**Brief**:
Below is a listing. Set down exactly the lines from the one containing "(s1 s2 g : 'M[R[i]]_2) (A" through the one containing "forall u, dom u -> D u", both ends included, and leave out the rest.

==== The records

(* Let $\mathfrak V$ be a vessel on $\Omega\subseteq\mathbb R$. Then for all $x\in\Omega$ and all $u\in D(A)$, $\sigma_1\frac{d}{dx}[C(x)\mathbb X^{-1}(x)]u=\sigma_2C(x)\mathbb X^{-1}(x)Au+\gamma_*(x)C(x)\mathbb X^{-1}(x)u$, and $\frac{d}{dx}[\mathbb X^{-1}(x)B(x)]\sigma_1=A_\zeta\mathbb X^{-1}(x)B(x)\sigma_2-\mathbb X^{-1}(x)B(x)\gamma_*(x)$.
   Context: A Krein space $\mathcal K$ is a Hilbert space with an extra continuous Hermitian (possibly indefinite) sesquilinear form; adjoints are with respect to it. Fix $2\times2$ matrices $\sigma_1$ (invertible, self-adjoint), $\sigma_2=\sigma_2^*$, $\gamma=-\gamma^*$. A node $(C,A_\zeta,\mathbb X,A,B;\sigma_1)$: bounded $C:\mathcal K\to\mathbb C^2$, $\mathbb X:\mathcal K\to\mathcal K$, $B:\mathbb C^2\to\mathcal K$, generators $A,A_\zeta$ of strongly continuous groups with common dense domain $D(A)=D(A_\zeta)$, with $\mathbb X(D(A))\subseteq D(A)$ and $A\mathbb Xu+\mathbb XA_\zeta u+B\sigma_1Cu=0$ for $u\in D(A)$; invertible if $\mathbb X$ is boundedly invertible and $\mathbb X^{-1}(D(A))\subseteq D(A)$. A prevessel: fixed $A,A_\zeta$ and bounded operators $C(x),\mathbb X(x),B(x)$ differentiable in $x\in\mathbb R$, each tuple a node, $B(x)\sigma_2e\in D(A)$ for $e\in\mathbb C^2$, with $\partial_xB=-(AB\sigma_2+B\gamma)\sigma_1^{-1}$, $\partial_xCu=\sigma_1^{-1}(-\sigma_2CA_\zeta u+\gamma Cu)$ ($u\in D(A)$), $\partial_x\mathbb X=B\sigma_2C$. A vessel on $\Omega$: a prevessel whose node is invertible for all $x\in\Omega$, with $\gamma_*(x)=\gamma+\sigma_2C\mathbb X^{-1}B\sigma_1-\sigma_1C\mathbb X^{-1}B\sigma_2$ on $\Omega$. *)

From HB Require Import structures.
From mathcomp Require Import all_boot all_order all_algebra.
From mathcomp Require Import complex.
From mathcomp Require Import boolp classical_sets functions reals topology normedtype.
Import numFieldNormedType.Exports.
Export numFieldNormedType.Exports.

Set Implicit Arguments.
Unset Strict Implicit.
Unset Printing Implicit Defensive.

Import Order.TTheory GRing.Theory Num.Theory.
Local Open Scope classical_set_scope.
Local Open Scope ring_scope.
Local Open Scope complex_scope.

Definition mxadj (R : realType) (m n : nat) (M : 'M[R[i]]_(m, n)) : 'M[R[i]]_(n, m) :=
  map_mx (@conjc R) M^T.

Definition bounded_op (R : realType) (U W : normedModType R[i]) (T : U -> W) : Prop :=
  linear T /\ exists M : R[i], forall u, `|T u| <= M * `|u|.

Definition hilbert_ip (R : realType) (K : normedModType R[i]) (ip : K -> K -> R[i]) : Prop :=
  (forall v, linear (fun u => ip u v)) /\
  (forall u v, ip v u = (ip u v)^*) /\
  (forall u, ip u u = `|u| ^+ 2).

Definition krein_form (R : realType) (K : normedModType R[i]) (kf : K -> K -> R[i]) : Prop :=
  (forall v, linear (fun u => kf u v)) /\
  (forall u v, kf v u = (kf u v)^*) /\
  (exists M : R[i], forall u v, `|kf u v| <= M * `|u| * `|v|).

Definition C0_group (R : realType) (K : normedModType R[i]) (S : R -> K -> K) : Prop :=
  (forall t, bounded_op (S t)) /\
  (forall u, S 0 u = u) /\
  (forall s t u, S (s + t) u = S s (S t u)) /\
  (forall u, continuous (fun t => S t u)).

Definition generator (R : realType) (K : normedModType R[i]) (S : R -> K -> K)
  (dom : set K) (A : K -> K) : Prop :=
  forall u, (dom u <-> exists l : K, (h^-1)%:C *: (S h u - u) @[h --> (0:R)^'+] --> l) /\
            (dom u -> (h^-1)%:C *: (S h u - u) @[h --> (0:R)^'+] --> A u).

Definition has_opderiv (R : realType) (U W : normedModType R[i]) (T : R -> U -> W)
  (x : R) (D : U -> W) : Prop :=
  forall eps : R, 0 < eps -> exists2 delta : R, 0 < delta &
    forall h : R, h != 0 -> `|h| < delta ->
      forall u, `|(h^-1)%:C *: (T (x + h) u - T x u) - D u| <= eps%:C * `|u|.

Definition bounded_inverse (R : realType) (K : normedModType R[i]) (X Y : K -> K) : Prop :=
  bounded_op Y /\ (forall u, X (Y u) = u) /\ (forall u, Y (X u) = u).

(* Node (C, A_zeta, X, A, B; sigma1) (the generator conditions on A, A_zeta
   are imposed separately). *)
Definition is_node (R : realType) (K : normedModType R[i])
  (C : K -> 'cV[R[i]]_2) (Az : K -> K) (X : K -> K) (A : K -> K) (B : 'cV[R[i]]_2 -> K)
  (s1 : 'M[R[i]]_2) (dom : set K) : Prop :=
  bounded_op C /\ bounded_op X /\ bounded_op B /\
  (forall u, dom u -> dom (X u)) /\
  (forall u, dom u -> A (X u) + X (Az u) + B (s1 *m C u) = 0).

Definition prevessel (R : realType) (K : normedModType R[i])
  (s1 s2 g : 'M[R[i]]_2) (A Az : K -> K) (dom : set K)
  (C : R -> K -> 'cV[R[i]]_2) (X : R -> K -> K) (B : R -> 'cV[R[i]]_2 -> K) : Prop :=
  forall x : R,
    is_node (C x) Az (X x) A (B x) s1 dom /\
    (forall e, dom (B x (s2 *m e))) /\
    has_opderiv B x (fun e => - (A (B x (s2 *m (invmx s1 *m e))) + B x (g *m (invmx s1 *m e)))) /\
    (exists D, has_opderiv C x D /\
       forall u, dom u -> D u = invmx s1 *m (- (s2 *m C x (Az u)) + g *m C x u)) /\
    has_opderiv X x (fun u => B x (s2 *m C x u)).

Definition gamma_star (R : realType) (K : normedModType R[i])
  (s1 s2 g : 'M[R[i]]_2) (C : R -> K -> 'cV[R[i]]_2) (Xinv : R -> K -> K)
  (B : R -> 'cV[R[i]]_2 -> K) (x : R) (e : 'cV[R[i]]_2) : 'cV[R[i]]_2 :=
  g *m e + s2 *m C x (Xinv x (B x (s1 *m e))) - s1 *m C x (Xinv x (B x (s2 *m e))).

From HB Require Import structures.
From mathcomp Require Import all_boot all_order all_algebra.
From mathcomp Require Import complex.
From mathcomp Require Import boolp classical_sets functions reals topology normedtype sequences.
From mathcomp Require Import ring lra.
Import numFieldNormedType.Exports.
Import Order.TTheory GRing.Theory Num.Theory.
Local Open Scope classical_set_scope.
Local Open Scope ring_scope.
Local Open Scope complex_scope.
Set Implicit Arguments. Unset Strict Implicit. Unset Printing Implicit Defensive.

(* Both identities are the product rule for C(x) X(x)^-1 and X(x)^-1 B(x),
   combined with (X^-1)' = - X^-1 X' X^-1 = - X^-1 B sigma2 C X^-1 and with the
   node equation on D(A), read as X^-1 A = - A_zeta X^-1 - X^-1 B sigma1 C X^-1.
   The analytic content is the operator-norm differentiability of the inverse:
   when ||X(x)^-1|| ||X(x+h) - X(x)|| <= 1/2, a contraction argument inverts
   X(x+h) with ||X(x+h)^-1|| <= 2 ||X(x)^-1||, and this locally uniform bound
   yields continuity and then differentiability of y |-> X(y)^-1. *)

Section RealNorm.
Variables (R : realType) (V : normedModType R[i]).

(* The norm of [V] is [R[i]]-valued but real; [rnorm] is its real part. *)
Definition rnorm (v : V) : R := complex.Re `|v|.

Lemma rnormE v : `|v| = (rnorm v)%:C.
Proof. by rewrite /rnorm RRe_real // normr_real. Qed.

Lemma rnorm_ge0 v : 0 <= rnorm v.
Proof. by rewrite -ler0c -rnormE. Qed.

Lemma rnormD a b : rnorm (a + b) <= rnorm a + rnorm b.
Proof. by rewrite -lecR rmorphD /= -!rnormE ler_normD. Qed.

Lemma rnormN a : rnorm (- a) = rnorm a.
Proof. by rewrite /rnorm normrN. Qed.

Lemma rnormB a b : rnorm (a - b) <= rnorm a + rnorm b.
Proof. by rewrite -(rnormN b) rnormD. Qed.

Lemma rnorm0 : rnorm 0 = 0.
Proof. by rewrite /rnorm normr0. Qed.

Lemma rnorm_le0 v : rnorm v <= 0 -> v = 0.
Proof.
move=> v_le0; apply/normr0_eq0; rewrite rnormE.
suff -> : rnorm v = 0 by [].
by apply/eqP; rewrite eq_le v_le0 rnorm_ge0.
Qed.

Lemma rnormZ (r : R) v : rnorm (r%:C *: v) = `|r| * rnorm v.
Proof.
have normcR : `|r%:C| = `|r|%:C.
  by rewrite normc_def /= expr0n /= addr0 sqrtr_sqr.
by rewrite /rnorm normrZ normcR rnormE /= !mulr0 subr0.
Qed.
End RealNorm.

Section LinearFacts.
Variables (R : realType) (U W : lmodType R[i]) (T : U -> W).
Hypothesis linT : linear T.

Lemma lin0 : T 0 = 0.
Proof.
have := linT 1 0 0; rewrite !scale1r !addr0 => T0.
by apply: (@addrI _ (T 0)); rewrite addr0 -T0.
Qed.

Lemma linD u v : T (u + v) = T u + T v.
Proof. by have := linT 1 u v; rewrite !scale1r. Qed.

Lemma linZ a u : T (a *: u) = a *: T u.
Proof. by have := linT a u 0; rewrite !addr0 lin0 addr0. Qed.

Lemma linN u : T (- u) = - T u.
Proof. by rewrite -scaleN1r linZ scaleN1r. Qed.

Lemma linB u v : T (u - v) = T u - T v.
Proof. by rewrite linD linN. Qed.
End LinearFacts.

Section OperatorDerivative.
Variable R : realType.
Implicit Types (U V W : normedModType R[i]).

Definition bounded_by U W (T : U -> W) (c : R) := forall u, rnorm (T u) <= c * rnorm u.

Definition opderiv U W (T : R -> U -> W) (x : R) (D : U -> W) :=
  forall eps : R, 0 < eps -> exists2 delta : R, 0 < delta &
    forall h : R, h != 0 -> `|h| < delta ->
      bounded_by (fun u => (h^-1)%:C *: (T (x + h) u - T x u) - D u) eps.

Definition opcontinuous U W (T : R -> U -> W) (x : R) :=
  forall eps : R, 0 < eps -> exists2 delta : R, 0 < delta &
    forall h : R, `|h| < delta -> bounded_by (fun u => T (x + h) u - T x u) eps.

Definition locally_bounded_op U W (T : R -> U -> W) (x : R) :=
  exists2 delta : R, 0 < delta & forall h : R, `|h| < delta ->
    linear (T (x + h)) /\ exists2 c, 0 <= c & bounded_by (T (x + h)) c.

Lemma bounded_opP U W (T : U -> W) : bounded_op T -> exists2 c, 0 <= c & bounded_by T c.
Proof.
case=> _ [M HM]; exists `|complex.Re M|; first exact: normr_ge0.
move=> u; have := HM u; rewrite !rnormE lecE => /andP[_].
have -> : complex.Re (M * (rnorm u)%:C) = complex.Re M * rnorm u.
  by case: M {HM} => a b /=; rewrite mulr0 subr0.
move=> /le_trans; apply; apply: ler_wpM2r; first exact: rnorm_ge0.
exact: real_ler_norm (num_real _).
Qed.

Lemma has_opderivE U W (T : R -> U -> W) x D : has_opderiv T x D <-> opderiv T x D.
Proof.
by split=> dT eps /dT [d d0 Hd]; exists d => // h h0 hd u; have := Hd h h0 hd u;
  rewrite !rnormE -rmorphM lecR.
Qed.

Lemma bounded_op_locally U W (T : R -> U -> W) x :
  (forall y, bounded_op (T y)) -> locally_bounded_op T x.
Proof. by move=> bT; exists 1 => // h _; split; [exact: (bT _).1 | exact: bounded_opP]. Qed.

Lemma locally_bounded_op_at U W (T : R -> U -> W) x :
  locally_bounded_op T x -> exists2 c, 0 <= c & bounded_by (T x) c.
Proof. by case=> d d0 /(_ 0); rewrite normr0 addr0 => /(_ d0) []. Qed.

========

**Output of the exercise**:
  (s1 s2 g : 'M[R[i]]_2) (A Az : K -> K) (dom : set K)
  (C : R -> K -> 'cV[R[i]]_2) (X : R -> K -> K) (B : R -> 'cV[R[i]]_2 -> K) : Prop :=
  forall x : R,
    is_node (C x) Az (X x) A (B x) s1 dom /\
    (forall e, dom (B x (s2 *m e))) /\
    has_opderiv B x (fun e => - (A (B x (s2 *m (invmx s1 *m e))) + B x (g *m (invmx s1 *m e)))) /\
    (exists D, has_opderiv C x D /\
       forall u, dom u -> D u = invmx s1 *m (- (s2 *m C x (Az u)) + g *m C x u)) /\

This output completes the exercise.